▶ [EXERCISE BRIEF]
Extract from the entries below, exactly as given, only the lines from the line containing "Definition has_subgraph (U" to the line containing "Section SimpleGraph.", both lines included.

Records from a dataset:
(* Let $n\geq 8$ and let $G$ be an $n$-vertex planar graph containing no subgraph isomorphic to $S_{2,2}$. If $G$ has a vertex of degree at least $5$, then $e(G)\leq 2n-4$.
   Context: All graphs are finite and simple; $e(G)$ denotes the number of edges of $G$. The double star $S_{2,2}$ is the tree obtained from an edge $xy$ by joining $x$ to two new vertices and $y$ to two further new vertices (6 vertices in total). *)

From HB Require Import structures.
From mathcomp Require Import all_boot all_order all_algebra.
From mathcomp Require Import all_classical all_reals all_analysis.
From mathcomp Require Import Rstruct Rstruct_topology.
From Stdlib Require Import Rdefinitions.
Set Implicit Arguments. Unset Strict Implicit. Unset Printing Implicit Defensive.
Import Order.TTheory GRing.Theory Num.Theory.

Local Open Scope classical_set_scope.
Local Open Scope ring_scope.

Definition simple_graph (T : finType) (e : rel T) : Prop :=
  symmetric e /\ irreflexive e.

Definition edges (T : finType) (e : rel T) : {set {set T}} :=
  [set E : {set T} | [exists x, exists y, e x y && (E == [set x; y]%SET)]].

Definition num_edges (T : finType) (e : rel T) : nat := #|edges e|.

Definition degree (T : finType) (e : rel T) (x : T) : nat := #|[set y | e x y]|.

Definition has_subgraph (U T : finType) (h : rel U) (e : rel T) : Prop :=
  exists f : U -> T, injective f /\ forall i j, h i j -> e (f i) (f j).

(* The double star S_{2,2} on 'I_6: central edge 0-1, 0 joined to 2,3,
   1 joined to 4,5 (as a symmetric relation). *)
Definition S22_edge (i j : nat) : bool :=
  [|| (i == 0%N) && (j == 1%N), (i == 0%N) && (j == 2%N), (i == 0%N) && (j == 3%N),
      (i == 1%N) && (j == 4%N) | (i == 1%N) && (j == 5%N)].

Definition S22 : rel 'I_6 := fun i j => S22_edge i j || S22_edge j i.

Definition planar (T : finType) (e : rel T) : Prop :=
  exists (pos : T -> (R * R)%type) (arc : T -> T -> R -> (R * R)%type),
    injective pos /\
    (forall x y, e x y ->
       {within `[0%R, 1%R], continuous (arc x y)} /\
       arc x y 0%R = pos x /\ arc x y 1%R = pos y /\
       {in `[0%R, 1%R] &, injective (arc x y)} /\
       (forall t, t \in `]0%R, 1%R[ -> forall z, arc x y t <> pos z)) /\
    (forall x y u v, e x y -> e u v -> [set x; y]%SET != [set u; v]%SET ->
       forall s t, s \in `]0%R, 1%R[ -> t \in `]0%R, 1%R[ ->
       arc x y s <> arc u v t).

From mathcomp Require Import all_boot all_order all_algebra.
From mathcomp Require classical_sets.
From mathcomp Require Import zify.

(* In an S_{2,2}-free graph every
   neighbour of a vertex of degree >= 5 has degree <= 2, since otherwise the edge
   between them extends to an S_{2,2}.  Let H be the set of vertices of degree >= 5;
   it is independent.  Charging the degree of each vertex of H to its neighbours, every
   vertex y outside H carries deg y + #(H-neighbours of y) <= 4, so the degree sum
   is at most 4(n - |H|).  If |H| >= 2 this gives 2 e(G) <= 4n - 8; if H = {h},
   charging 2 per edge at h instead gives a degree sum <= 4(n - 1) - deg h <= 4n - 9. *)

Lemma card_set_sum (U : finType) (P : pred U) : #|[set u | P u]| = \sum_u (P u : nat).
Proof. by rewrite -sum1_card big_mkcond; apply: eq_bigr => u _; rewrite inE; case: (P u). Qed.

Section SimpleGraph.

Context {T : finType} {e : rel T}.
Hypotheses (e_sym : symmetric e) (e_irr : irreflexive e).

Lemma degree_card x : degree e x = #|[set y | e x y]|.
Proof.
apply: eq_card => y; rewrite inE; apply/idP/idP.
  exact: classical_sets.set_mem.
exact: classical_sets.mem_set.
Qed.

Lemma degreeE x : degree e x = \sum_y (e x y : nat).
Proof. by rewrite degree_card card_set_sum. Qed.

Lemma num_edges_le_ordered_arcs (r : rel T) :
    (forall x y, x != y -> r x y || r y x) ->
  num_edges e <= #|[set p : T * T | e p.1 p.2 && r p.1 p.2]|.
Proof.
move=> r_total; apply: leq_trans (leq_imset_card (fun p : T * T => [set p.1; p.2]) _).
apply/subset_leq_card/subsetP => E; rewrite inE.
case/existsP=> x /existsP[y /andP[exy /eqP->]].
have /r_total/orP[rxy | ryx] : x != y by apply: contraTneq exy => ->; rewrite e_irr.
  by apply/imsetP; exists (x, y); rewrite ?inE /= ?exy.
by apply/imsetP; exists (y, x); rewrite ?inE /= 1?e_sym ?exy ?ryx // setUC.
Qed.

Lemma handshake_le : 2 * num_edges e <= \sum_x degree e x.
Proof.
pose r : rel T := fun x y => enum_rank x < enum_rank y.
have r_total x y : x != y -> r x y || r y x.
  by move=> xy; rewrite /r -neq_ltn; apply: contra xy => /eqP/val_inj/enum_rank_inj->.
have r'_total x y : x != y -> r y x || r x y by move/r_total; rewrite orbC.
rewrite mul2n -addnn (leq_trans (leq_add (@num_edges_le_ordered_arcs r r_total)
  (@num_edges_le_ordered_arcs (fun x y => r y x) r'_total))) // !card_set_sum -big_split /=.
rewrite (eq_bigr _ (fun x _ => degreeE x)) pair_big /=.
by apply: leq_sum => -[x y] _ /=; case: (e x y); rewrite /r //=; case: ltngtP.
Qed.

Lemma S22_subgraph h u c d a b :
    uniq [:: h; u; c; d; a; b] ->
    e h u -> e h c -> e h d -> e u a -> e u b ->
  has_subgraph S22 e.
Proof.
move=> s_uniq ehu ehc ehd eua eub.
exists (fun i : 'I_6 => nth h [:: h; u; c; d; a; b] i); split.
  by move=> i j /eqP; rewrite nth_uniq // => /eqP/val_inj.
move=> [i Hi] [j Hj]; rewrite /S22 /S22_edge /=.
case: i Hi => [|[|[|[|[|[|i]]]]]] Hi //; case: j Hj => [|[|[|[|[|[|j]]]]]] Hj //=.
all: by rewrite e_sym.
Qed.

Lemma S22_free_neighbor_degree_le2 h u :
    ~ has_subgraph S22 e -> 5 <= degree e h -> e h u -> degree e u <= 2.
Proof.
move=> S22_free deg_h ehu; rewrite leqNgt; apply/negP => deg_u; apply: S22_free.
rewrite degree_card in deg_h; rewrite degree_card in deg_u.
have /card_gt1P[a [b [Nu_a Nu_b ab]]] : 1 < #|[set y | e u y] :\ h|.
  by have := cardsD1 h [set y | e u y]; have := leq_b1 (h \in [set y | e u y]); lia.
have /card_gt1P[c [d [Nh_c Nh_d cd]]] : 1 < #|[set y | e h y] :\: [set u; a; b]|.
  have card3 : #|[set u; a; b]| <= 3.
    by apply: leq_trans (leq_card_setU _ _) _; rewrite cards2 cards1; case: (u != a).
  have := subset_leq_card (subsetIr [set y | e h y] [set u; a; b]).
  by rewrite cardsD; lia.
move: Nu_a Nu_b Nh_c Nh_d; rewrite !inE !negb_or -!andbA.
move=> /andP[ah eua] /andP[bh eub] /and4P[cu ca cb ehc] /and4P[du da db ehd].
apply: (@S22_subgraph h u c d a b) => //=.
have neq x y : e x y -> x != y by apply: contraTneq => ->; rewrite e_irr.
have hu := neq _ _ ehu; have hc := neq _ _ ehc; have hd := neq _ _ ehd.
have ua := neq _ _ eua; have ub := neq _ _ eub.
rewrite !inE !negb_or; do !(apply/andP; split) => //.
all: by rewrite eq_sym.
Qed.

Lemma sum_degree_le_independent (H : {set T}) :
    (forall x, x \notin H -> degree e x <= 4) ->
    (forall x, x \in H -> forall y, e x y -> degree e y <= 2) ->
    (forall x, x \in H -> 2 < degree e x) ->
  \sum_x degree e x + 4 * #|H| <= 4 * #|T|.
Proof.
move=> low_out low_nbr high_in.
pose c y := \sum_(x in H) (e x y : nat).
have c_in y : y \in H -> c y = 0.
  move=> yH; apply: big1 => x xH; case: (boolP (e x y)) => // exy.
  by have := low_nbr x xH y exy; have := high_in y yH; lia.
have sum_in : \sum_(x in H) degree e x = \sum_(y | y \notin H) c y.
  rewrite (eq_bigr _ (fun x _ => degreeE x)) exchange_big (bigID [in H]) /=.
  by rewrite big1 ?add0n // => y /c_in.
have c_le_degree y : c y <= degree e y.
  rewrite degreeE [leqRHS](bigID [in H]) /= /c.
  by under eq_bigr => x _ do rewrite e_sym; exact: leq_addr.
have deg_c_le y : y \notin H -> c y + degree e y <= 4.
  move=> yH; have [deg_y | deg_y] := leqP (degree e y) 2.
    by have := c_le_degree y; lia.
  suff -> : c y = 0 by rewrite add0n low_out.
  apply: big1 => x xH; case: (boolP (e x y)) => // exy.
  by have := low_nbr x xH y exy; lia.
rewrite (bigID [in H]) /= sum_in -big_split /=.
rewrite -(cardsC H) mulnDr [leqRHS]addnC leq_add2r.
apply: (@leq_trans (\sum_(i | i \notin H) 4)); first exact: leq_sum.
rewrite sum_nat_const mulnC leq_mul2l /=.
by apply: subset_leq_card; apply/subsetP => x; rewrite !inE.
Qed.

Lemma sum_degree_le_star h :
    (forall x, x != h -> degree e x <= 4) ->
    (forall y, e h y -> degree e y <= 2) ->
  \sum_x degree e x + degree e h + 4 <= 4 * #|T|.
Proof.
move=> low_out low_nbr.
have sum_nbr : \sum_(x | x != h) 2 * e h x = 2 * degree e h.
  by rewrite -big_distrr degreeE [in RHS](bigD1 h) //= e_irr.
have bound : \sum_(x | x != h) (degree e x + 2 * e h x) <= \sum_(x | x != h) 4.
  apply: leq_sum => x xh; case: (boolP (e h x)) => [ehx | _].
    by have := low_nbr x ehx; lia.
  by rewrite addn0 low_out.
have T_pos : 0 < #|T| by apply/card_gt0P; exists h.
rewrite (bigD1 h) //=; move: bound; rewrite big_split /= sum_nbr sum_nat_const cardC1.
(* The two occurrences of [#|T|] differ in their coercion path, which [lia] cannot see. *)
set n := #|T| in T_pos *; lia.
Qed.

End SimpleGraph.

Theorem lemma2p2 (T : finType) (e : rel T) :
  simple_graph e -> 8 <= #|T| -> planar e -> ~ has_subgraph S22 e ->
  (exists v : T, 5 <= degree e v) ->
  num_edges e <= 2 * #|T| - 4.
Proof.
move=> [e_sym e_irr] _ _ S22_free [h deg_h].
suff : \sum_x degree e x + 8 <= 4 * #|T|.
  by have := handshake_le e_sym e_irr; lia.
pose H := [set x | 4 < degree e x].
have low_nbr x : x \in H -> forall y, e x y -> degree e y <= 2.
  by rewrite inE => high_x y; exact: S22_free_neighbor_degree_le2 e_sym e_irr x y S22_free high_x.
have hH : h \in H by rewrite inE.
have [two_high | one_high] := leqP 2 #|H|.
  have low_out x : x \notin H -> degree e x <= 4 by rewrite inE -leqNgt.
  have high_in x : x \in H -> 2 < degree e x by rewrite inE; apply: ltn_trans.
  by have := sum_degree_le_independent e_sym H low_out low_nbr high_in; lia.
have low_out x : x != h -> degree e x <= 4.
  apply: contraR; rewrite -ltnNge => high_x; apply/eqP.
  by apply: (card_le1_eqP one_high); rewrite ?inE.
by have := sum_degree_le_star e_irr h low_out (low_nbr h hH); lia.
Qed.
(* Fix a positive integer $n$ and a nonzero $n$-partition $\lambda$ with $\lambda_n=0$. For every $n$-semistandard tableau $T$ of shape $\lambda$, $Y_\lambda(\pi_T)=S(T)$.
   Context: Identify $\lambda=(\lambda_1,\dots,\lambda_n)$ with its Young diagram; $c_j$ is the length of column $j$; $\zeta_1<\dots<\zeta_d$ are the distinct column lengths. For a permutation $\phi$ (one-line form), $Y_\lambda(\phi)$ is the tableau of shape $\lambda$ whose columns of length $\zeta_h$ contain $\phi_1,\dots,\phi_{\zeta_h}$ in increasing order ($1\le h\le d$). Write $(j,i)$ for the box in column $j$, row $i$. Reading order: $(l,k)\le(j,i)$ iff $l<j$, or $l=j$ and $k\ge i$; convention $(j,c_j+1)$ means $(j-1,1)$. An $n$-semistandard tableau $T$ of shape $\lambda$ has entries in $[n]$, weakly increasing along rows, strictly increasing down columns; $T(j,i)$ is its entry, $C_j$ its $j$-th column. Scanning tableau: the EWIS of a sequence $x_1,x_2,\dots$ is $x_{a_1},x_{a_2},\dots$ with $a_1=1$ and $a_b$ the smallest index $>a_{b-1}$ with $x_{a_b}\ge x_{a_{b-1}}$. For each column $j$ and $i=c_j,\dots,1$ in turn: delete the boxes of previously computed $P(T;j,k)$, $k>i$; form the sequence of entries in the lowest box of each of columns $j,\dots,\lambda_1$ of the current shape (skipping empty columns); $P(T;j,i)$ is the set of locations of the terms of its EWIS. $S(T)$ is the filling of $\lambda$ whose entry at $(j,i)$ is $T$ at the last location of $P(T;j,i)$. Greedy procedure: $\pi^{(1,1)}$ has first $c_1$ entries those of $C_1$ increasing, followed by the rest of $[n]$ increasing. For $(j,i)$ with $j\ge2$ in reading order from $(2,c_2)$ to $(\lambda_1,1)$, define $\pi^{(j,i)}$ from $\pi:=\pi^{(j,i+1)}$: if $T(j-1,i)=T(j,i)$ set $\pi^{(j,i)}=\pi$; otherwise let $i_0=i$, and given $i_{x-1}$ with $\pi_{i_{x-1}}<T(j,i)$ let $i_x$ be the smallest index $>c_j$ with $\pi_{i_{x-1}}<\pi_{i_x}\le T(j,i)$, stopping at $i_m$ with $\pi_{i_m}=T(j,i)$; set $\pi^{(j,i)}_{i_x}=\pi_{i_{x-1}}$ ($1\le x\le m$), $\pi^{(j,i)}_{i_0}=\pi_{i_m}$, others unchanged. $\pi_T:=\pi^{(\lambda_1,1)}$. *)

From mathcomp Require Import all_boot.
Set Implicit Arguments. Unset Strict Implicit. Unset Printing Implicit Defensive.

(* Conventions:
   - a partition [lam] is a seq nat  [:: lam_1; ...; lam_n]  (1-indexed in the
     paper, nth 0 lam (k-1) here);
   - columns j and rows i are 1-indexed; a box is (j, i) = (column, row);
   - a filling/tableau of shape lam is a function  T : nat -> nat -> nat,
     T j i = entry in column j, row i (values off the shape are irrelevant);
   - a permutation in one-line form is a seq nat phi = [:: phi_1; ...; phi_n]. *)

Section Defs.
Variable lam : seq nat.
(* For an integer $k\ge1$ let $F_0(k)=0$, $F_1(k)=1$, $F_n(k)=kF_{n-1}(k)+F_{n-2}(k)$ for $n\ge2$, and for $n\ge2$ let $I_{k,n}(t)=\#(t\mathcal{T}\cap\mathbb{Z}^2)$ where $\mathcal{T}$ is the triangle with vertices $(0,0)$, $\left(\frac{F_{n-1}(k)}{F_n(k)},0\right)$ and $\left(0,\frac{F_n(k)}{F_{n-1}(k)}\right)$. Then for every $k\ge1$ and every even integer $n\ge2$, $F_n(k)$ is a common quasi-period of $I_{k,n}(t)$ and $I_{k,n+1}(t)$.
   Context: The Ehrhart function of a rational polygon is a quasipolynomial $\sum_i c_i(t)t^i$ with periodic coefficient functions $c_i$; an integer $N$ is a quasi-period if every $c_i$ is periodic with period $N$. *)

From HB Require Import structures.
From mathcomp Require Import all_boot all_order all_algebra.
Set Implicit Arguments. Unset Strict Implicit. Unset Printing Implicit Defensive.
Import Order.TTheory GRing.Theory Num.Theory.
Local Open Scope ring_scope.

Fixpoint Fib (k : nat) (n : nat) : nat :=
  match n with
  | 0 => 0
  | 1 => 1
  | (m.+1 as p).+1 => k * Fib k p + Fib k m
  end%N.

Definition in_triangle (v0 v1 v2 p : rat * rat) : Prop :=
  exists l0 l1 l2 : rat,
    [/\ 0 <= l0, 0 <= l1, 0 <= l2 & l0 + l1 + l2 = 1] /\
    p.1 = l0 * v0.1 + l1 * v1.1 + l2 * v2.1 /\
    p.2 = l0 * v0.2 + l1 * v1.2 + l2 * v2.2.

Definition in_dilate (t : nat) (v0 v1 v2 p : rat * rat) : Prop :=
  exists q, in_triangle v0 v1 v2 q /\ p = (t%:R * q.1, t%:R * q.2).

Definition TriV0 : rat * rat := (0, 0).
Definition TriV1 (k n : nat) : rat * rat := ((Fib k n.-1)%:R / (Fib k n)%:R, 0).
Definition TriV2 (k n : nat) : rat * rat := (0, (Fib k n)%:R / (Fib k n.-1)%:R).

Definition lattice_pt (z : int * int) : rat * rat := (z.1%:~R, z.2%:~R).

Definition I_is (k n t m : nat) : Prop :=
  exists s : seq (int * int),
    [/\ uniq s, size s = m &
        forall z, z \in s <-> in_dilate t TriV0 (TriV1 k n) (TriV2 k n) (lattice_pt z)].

▶ [REPLY]
Definition has_subgraph (U T : finType) (h : rel U) (e : rel T) : Prop :=
  exists f : U -> T, injective f /\ forall i j, h i j -> e (f i) (f j).

(* The double star S_{2,2} on 'I_6: central edge 0-1, 0 joined to 2,3,
   1 joined to 4,5 (as a symmetric relation). *)
Definition S22_edge (i j : nat) : bool :=
  [|| (i == 0%N) && (j == 1%N), (i == 0%N) && (j == 2%N), (i == 0%N) && (j == 3%N),
      (i == 1%N) && (j == 4%N) | (i == 1%N) && (j == 5%N)].

Definition S22 : rel 'I_6 := fun i j => S22_edge i j || S22_edge j i.

Definition planar (T : finType) (e : rel T) : Prop :=
  exists (pos : T -> (R * R)%type) (arc : T -> T -> R -> (R * R)%type),
    injective pos /\
    (forall x y, e x y ->
       {within `[0%R, 1%R], continuous (arc x y)} /\
       arc x y 0%R = pos x /\ arc x y 1%R = pos y /\
       {in `[0%R, 1%R] &, injective (arc x y)} /\
       (forall t, t \in `]0%R, 1%R[ -> forall z, arc x y t <> pos z)) /\
    (forall x y u v, e x y -> e u v -> [set x; y]%SET != [set u; v]%SET ->
       forall s t, s \in `]0%R, 1%R[ -> t \in `]0%R, 1%R[ ->
       arc x y s <> arc u v t).

From mathcomp Require Import all_boot all_order all_algebra.
From mathcomp Require classical_sets.
From mathcomp Require Import zify.

(* In an S_{2,2}-free graph every
   neighbour of a vertex of degree >= 5 has degree <= 2, since otherwise the edge
   between them extends to an S_{2,2}.  Let H be the set of vertices of degree >= 5;
   it is independent.  Charging the degree of each vertex of H to its neighbours, every
   vertex y outside H carries deg y + #(H-neighbours of y) <= 4, so the degree sum
   is at most 4(n - |H|).  If |H| >= 2 this gives 2 e(G) <= 4n - 8; if H = {h},
   charging 2 per edge at h instead gives a degree sum <= 4(n - 1) - deg h <= 4n - 9. *)

Lemma card_set_sum (U : finType) (P : pred U) : #|[set u | P u]| = \sum_u (P u : nat).
Proof. by rewrite -sum1_card big_mkcond; apply: eq_bigr => u _; rewrite inE; case: (P u). Qed.

Section SimpleGraph.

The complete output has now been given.